• [What is required]
Your answer must consist solely of the lines from the start of the entries below through the line with "have [->|nz] := eqVneq f", unchanged.

• [Data supplied]
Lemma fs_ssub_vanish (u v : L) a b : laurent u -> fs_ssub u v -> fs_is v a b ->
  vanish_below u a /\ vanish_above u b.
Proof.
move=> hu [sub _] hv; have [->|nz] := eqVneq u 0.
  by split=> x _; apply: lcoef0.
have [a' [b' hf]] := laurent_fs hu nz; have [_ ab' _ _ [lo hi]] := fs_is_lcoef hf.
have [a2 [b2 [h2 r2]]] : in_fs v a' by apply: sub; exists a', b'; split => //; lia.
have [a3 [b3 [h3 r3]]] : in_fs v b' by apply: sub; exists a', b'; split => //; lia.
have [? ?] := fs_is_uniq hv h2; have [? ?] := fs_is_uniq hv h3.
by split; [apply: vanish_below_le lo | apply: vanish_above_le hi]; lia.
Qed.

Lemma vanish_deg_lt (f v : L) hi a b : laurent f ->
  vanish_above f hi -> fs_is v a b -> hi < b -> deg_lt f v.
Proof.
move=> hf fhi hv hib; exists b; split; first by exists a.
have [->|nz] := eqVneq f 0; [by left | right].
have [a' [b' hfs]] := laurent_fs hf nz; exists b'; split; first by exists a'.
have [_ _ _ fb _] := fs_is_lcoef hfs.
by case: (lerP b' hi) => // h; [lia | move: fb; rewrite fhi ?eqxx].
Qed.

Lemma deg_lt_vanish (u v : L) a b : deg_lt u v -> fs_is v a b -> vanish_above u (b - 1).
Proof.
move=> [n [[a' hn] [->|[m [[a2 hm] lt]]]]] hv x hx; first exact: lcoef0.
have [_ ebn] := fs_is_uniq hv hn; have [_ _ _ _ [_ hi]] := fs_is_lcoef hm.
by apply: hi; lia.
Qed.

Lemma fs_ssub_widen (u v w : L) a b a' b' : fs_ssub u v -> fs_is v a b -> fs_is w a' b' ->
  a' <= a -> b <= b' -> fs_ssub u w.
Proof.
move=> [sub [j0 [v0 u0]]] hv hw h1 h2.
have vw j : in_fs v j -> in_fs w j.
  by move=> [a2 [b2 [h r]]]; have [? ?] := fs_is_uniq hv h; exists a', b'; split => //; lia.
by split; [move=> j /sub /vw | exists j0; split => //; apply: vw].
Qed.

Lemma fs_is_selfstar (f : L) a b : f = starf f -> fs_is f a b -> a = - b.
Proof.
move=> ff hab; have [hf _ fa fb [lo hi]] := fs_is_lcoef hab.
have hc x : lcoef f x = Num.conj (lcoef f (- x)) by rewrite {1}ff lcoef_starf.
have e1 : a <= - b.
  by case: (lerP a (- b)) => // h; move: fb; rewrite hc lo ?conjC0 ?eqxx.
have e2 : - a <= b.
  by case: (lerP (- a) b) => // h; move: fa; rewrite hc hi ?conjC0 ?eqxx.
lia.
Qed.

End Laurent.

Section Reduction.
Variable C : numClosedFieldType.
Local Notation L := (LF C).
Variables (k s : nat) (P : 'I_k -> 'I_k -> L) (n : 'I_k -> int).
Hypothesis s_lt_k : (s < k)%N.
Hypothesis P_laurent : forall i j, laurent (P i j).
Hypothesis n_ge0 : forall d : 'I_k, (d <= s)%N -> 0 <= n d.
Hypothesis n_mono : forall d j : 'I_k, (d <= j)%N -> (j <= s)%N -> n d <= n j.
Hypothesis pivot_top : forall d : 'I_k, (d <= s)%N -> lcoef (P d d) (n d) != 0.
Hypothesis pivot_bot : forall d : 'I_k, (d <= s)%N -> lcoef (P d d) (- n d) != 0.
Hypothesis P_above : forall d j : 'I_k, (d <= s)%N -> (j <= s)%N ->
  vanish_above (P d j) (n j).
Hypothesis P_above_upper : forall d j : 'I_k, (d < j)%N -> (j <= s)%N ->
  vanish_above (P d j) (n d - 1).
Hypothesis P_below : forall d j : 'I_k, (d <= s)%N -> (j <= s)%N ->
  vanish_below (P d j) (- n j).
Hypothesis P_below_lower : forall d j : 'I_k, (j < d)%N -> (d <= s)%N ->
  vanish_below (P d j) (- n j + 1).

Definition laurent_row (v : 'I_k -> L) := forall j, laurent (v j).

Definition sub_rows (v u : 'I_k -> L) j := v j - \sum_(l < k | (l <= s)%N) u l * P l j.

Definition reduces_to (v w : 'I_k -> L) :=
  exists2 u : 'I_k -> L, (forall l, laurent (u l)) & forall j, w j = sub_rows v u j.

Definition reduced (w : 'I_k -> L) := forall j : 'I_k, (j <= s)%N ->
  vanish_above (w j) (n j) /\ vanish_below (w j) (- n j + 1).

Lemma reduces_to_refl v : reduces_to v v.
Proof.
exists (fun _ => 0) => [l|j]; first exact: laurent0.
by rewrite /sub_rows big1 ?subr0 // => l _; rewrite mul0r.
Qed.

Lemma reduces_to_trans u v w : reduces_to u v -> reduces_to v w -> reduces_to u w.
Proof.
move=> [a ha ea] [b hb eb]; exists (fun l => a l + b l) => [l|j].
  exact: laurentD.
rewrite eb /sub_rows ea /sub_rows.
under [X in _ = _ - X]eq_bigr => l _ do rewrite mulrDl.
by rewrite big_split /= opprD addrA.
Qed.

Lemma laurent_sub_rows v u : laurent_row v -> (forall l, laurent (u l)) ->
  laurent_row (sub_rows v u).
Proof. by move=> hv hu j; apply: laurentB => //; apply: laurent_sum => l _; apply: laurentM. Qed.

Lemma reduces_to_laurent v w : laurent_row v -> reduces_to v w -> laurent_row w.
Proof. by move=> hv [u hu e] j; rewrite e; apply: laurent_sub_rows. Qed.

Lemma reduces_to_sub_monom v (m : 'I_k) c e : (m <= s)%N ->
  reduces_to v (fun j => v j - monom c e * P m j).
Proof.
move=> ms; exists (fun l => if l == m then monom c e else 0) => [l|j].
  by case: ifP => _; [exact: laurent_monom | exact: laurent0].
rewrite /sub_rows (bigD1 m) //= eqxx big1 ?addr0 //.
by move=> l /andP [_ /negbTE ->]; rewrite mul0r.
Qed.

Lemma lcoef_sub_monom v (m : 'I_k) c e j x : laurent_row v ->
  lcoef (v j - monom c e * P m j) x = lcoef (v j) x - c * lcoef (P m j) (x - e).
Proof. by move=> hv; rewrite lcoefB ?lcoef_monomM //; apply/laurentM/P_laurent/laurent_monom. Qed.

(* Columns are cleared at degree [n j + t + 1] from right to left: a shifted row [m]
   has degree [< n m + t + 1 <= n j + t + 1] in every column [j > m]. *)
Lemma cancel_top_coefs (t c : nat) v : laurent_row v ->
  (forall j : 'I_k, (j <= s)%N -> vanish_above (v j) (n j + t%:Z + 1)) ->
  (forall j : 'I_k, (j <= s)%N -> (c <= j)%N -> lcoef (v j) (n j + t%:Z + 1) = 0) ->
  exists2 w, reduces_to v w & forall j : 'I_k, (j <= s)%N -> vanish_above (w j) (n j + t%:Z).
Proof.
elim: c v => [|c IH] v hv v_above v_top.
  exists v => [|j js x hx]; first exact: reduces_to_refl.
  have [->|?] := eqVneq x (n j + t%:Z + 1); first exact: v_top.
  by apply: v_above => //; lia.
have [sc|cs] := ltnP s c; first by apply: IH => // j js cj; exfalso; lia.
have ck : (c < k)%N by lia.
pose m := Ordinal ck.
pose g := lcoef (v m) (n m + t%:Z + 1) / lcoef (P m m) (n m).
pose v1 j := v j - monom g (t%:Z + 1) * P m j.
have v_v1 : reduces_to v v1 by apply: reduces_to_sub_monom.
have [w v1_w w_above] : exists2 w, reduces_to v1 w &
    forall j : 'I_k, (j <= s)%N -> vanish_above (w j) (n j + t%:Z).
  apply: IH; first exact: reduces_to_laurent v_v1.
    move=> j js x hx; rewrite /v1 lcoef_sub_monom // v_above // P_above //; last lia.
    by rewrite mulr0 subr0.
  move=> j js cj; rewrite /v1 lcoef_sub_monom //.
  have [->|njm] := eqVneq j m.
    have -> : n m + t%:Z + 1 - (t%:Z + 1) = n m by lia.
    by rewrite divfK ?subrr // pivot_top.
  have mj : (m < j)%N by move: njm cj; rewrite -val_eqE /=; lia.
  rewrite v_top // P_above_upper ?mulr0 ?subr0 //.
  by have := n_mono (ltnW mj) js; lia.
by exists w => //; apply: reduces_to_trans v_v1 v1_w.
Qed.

• [Your response]
Lemma fs_ssub_vanish (u v : L) a b : laurent u -> fs_ssub u v -> fs_is v a b ->
  vanish_below u a /\ vanish_above u b.
Proof.
move=> hu [sub _] hv; have [->|nz] := eqVneq u 0.
  by split=> x _; apply: lcoef0.
have [a' [b' hf]] := laurent_fs hu nz; have [_ ab' _ _ [lo hi]] := fs_is_lcoef hf.
have [a2 [b2 [h2 r2]]] : in_fs v a' by apply: sub; exists a', b'; split => //; lia.
have [a3 [b3 [h3 r3]]] : in_fs v b' by apply: sub; exists a', b'; split => //; lia.
have [? ?] := fs_is_uniq hv h2; have [? ?] := fs_is_uniq hv h3.
by split; [apply: vanish_below_le lo | apply: vanish_above_le hi]; lia.
Qed.

Lemma vanish_deg_lt (f v : L) hi a b : laurent f ->
  vanish_above f hi -> fs_is v a b -> hi < b -> deg_lt f v.
Proof.
move=> hf fhi hv hib; exists b; split; first by exists a.
have [->|nz] := eqVneq f 0; [by left | right].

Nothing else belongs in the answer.